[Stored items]
>>>
Lemma approx_inverse_pair_sequences (q1 q2 : R) : 0 <= q1 <= 1 -> 0 <= q2 <= 1 ->
  exists A r k : nat -> nat,
    forall i, approx_inverse_pair q1 q2 (/ INR (S i)) (A i) (r i) (k i).
Proof.
  intros Hq1 Hq2.
  destruct (functional_choice (fun i (c : nat * nat * nat) =>
              let '(A, r, k) := c in approx_inverse_pair q1 q2 (/ INR (S i)) A r k))
    as [c Hc].
  { intro i.
    destruct (approx_inverse_pair_exists q1 q2 (2 * S i) Hq1 Hq2 ltac:(lia))
      as [A [r [k H]]].
    exists (A, r, k).
    replace (/ INR (S i)) with (2 / INR (2 * S i)); [exact H|].
    rewrite mult_INR. simpl (INR 2). field. apply not_0_INR. lia. }
  exists (fun i => fst (fst (c i))), (fun i => snd (fst (c i))), (fun i => snd (c i)).
  intro i. specialize (Hc i). destruct (c i) as [[A r] k]. exact Hc.
Qed.

Section Construction.

Variables (q1 q2 : R) (A r k : nat -> nat).
Hypothesis Hpair : forall i, approx_inverse_pair q1 q2 (/ INR (S i)) (A i) (r i) (k i).

Definition Bseq (i : nat) : nat := (r i + S i * A i)%nat.

Lemma k_mul_Bseq_mod (i : nat) : ((k i * Bseq i) mod A i = 1)%nat.
Proof.
  destruct (Hpair i) as [_ [_ [_ [Hrk _]]]].
  unfold Bseq. rewrite Nat.mul_add_distr_l, Nat.mul_assoc, Nat.Div0.mod_add.
  rewrite Nat.mul_comm. exact Hrk.
Qed.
<<<
Produce an exact copy of each line from the one holding "unfold Bseq. rewrite" through the last line of the records, both included, and nothing more.

Result of this exercise:
  unfold Bseq. rewrite Nat.mul_add_distr_l, Nat.mul_assoc, Nat.Div0.mod_add.
  rewrite Nat.mul_comm. exact Hrk.
Qed.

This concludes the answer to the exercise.